Some people view gold as a relic, a thing of kings, pirates, and myth. It does not produce income, sits in vaults, and adorns the necks and wrists of the wealthy.

But this too is just myth.

In fact, as a financial asset, gold’s value has shone over time with periods of exceptional performance, one of which may be occurring now.

Today’s infographic comes to us from Sprott Physical Gold Trust and outlines the history of the price of gold from 1915 to 2020 and three bull markets or “Golden bulls” since 1969, using monthly data from the London Bullion Market Association.

But first a little history…

The Gold Standard

*All figures are in USD

During the early days of the American Republic, the U.S. used the British gold standard to set the price of its currency. In 1791, it established the price of gold at $19.75 per ounce but also allowed redemption in silver. In 1834, it raised the price of gold to $20.67 per ounce. The price of gold would retain a nominal value through depressions, civil wars, and wars.

However, $20 today is not the same as $20 in the past. The U.S. dollar may have been convertible at a set price, but the amount of goods that it could buy varies year to year based on inflation. So for example from 1934 to 1938, one ounce of gold would cost $34, but $34 today would purchase a small fraction of an ounce of gold.

While the price of gold may appear cheap in the past, adjusted for inflation it is not as low as you would think. Governments would set the price of its currency against an asset to ensure the stability of prices, however if there would be too many claims against the underlying asset, that asset would run out and the currency would become worthless.

This threat would force the hands of governments to change the standards, as currency became more common and gold reserves more scarce.

An Era of Government Intervention

In the wake of the 1929 stock market crash, investors started redeeming U.S. dollars for its equivalent value in gold, removing currency from the economy. In order to stem the flow of funds into gold and the depletion of government gold reserves, in 1933, President Franklin D. Roosevelt limited the private ownership of gold to discourage hoarding and encourage investing. In 1934, Congress passed the Gold Reserve Act which prohibited the private ownership of gold and nominally raised the price of gold to $35 per ounce.

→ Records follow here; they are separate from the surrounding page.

Lemma extremal_Z_line al be z :
  (forall t, t1 <= t <= t2 ->
     p t = vadd (vadd (vscale al X) (vscale be Y)) (vscale (z t) (cross X Y))) ->
  (forall t, t1 <= t <= t2 -> z t = 0) /\
  ae_on t1 t2 (fun t => exists a b,
    u t = vadd (vscale a X) (vscale b Y) /\ Rabs a + Rabs b = 1 /\ al * b = be * a /\
    (1 - c ^ 2) * (Rabs a + k * Rabs b) = a * (al + be * c) + b * (al * c + be)).
Proof.
  intros hz; destruct hpmp as [N [HN HP]].
  assert (Hderiv : forall t, t1 <= t <= t2 -> ~ N t -> has_deriv_V3 p t (cross (p t) (u t)))
    by (intros t Ht HNt; apply (HP t Ht HNt)).
  assert (HHam : forall t, t1 <= t <= t2 -> ~ N t -> Ham X Y alpha k (p t) (u t) = 0)
    by (intros t Ht HNt; apply (HP t Ht HNt)).
  split; [|exists N; split; [exact HN|]].
  - exact (line_z_zero X Y alpha t1 t2 al be u p z N hX hY hXY hc ht huC hp_ac HN Hderiv hz).
  - exact (line_control_coeffs X Y alpha k t1 t2 al be u p z N hX hY hXY hc ht huC hp_ac HN Hderiv HHam hz).
Qed.

Lemma extremal_S_sub_kQ z :
  (forall t, t1 <= t <= t2 ->
     p t = vadd (vsub (Sv X Y c) (vscale k (Qv X Y c))) (vscale (z t) (Zv X Y))) ->
  (forall t, t1 <= t <= t2 -> z t = 0) /\
  ae_on t1 t2 (fun t => u t = vscale (/ (1 + k * c + k + c)) (Wplus X Y c k)).
Proof.
  intros hz; destruct (extremal_Z_line (1 + k * c) (- (k + c)) z) as [Hz Hae].
  { intros t Ht; rewrite hz by exact Ht; apply V3_ext; vsimpl; ring. }
  split; [exact Hz|]; revert Hae; apply ae_on_impl.
  intros t _ [a [b [Hu [Hab [Hrel Hham]]]]].
  destruct (coeffs_along_Wplus c k a b hc hk Hab Hrel Hham) as [-> ->].
  rewrite Hu; apply V3_ext; vsimpl; field; intros Habs; nra.
Qed.

Lemma extremal_S_add_kQ : 0 < k -> forall z,
  (forall t, t1 <= t <= t2 ->
     p t = vadd (vadd (Sv X Y c) (vscale k (Qv X Y c))) (vscale (z t) (Zv X Y))) ->
  c <= k /\ (forall t, t1 <= t <= t2 -> z t = 0) /\
  ae_on t1 t2 (fun t => exists l, 0 < l /\ u t = vscale l (Wminus X Y c k) /\ inC X Y (u t)).
Proof.
  intros hk0 z hz; destruct (extremal_Z_line (1 - k * c) (k - c) z) as [Hz Hae].
  { intros t Ht; rewrite hz by exact Ht; apply V3_ext; vsimpl; ring. }
  assert (Hae' : ae_on t1 t2 (fun t => c <= k /\
            exists l, 0 < l /\ u t = vscale l (Wminus X Y c k) /\ inC X Y (u t))).
  { revert Hae; apply ae_on_impl; intros t Ht [a [b [Hu [Hab [Hrel Hham]]]]].
    destruct (coeffs_along_Wminus c k a b hc (conj hk0 (proj2 hk)) Hab Hrel Hham)
      as [Hck [l [Hl [-> ->]]]].
    split; [exact Hck|]; exists l; split; [exact Hl|]; split; [|apply huC, Ht].
    rewrite Hu; apply V3_ext; vsimpl; ring. }
  destruct (ae_on_exists _ _ _ ht Hae') as [t [_ [Hck _]]].
  split; [exact Hck|]; split; [exact Hz|].
  revert Hae'; apply ae_on_impl; tauto.
Qed.

(* Since [cost (-u) = cost u], the cases [-S ± kQ] are the cases [S ∓ kQ] for the
   coefficients [(-a, -b)] of the control. *)
Lemma extremal_oppS_add_kQ z :
  (forall t, t1 <= t <= t2 ->
     p t = vadd (vadd (vopp (Sv X Y c)) (vscale k (Qv X Y c))) (vscale (z t) (Zv X Y))) ->
  (forall t, t1 <= t <= t2 -> z t = 0) /\
  ae_on t1 t2 (fun t => exists l, 0 < l /\ u t = vscale l (vopp (Wplus X Y c k)) /\ inC X Y (u t)).
Proof.
  intros hz; destruct (extremal_Z_line (- (1 + k * c)) (k + c) z) as [Hz Hae].
  { intros t Ht; rewrite hz by exact Ht; apply V3_ext; vsimpl; ring. }
  split; [exact Hz|]; revert Hae; apply ae_on_impl.
  intros t Ht [a [b [Hu [Hab [Hrel Hham]]]]].
  rewrite <- (Rabs_Ropp a), <- (Rabs_Ropp b) in Hab, Hham.
  destruct (coeffs_along_Wplus c k (- a) (- b) hc hk Hab ltac:(lra) ltac:(lra)) as [Ha Hb].
  exists (/ (1 + k * c + k + c)); split; [apply Rinv_0_lt_compat; nra|].
  split; [|apply huC, Ht].
  rewrite Hu, <- (Ropp_involutive a), <- (Ropp_involutive b), Ha, Hb.
  apply V3_ext; vsimpl; field; intros Habs; nra.
Qed.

In 1944, the victorious Allied powers negotiated the Bretton Woods Agreement, making the U.S. dollar the official global reserve currency. The United States ensured an ounce of gold would be worth $35 in its currency⁠—at least until the onset of a stagnant economy in the early Seventies led to the official end of any real gold standard.

Golden Bull #1: December 1969 – January 1980

In 1969, the U.S. gold standard had risen to $42 per ounce in nominal terms, however a period of economic volatility would challenge and change U.S. monetary policy.

On August 15, 1971, President Richard Nixon mandated the Federal Reserve to stop honoring the U.S. dollar’s value in gold at a fixed value, abandoning the gold standard. In 1974, President Gerald Ford would once again allow the private ownership of gold bullion. Energy crises, soaring inflation, and high unemployment stagnated the economy.

By January 1980, the price of gold reached $2,234 per ounce in today’s dollars amidst an environment of double-digit inflation. Federal Reserve chairman Paul Volcker fought this inflation with double-digit interest rates which in turn slowed the economy, causing a recession.

The interest-rate-induced recession would herald in a new global economic boom that defined the Eighties and Nineties. The price of gold dropped to $753.96 per ounce by June 1985, as the economy improved.

From December 1969 to January 1980, gold rose from $285 to $2,234 per ounce, an increase of 684% over 122 months, in inflation-adjusted terms.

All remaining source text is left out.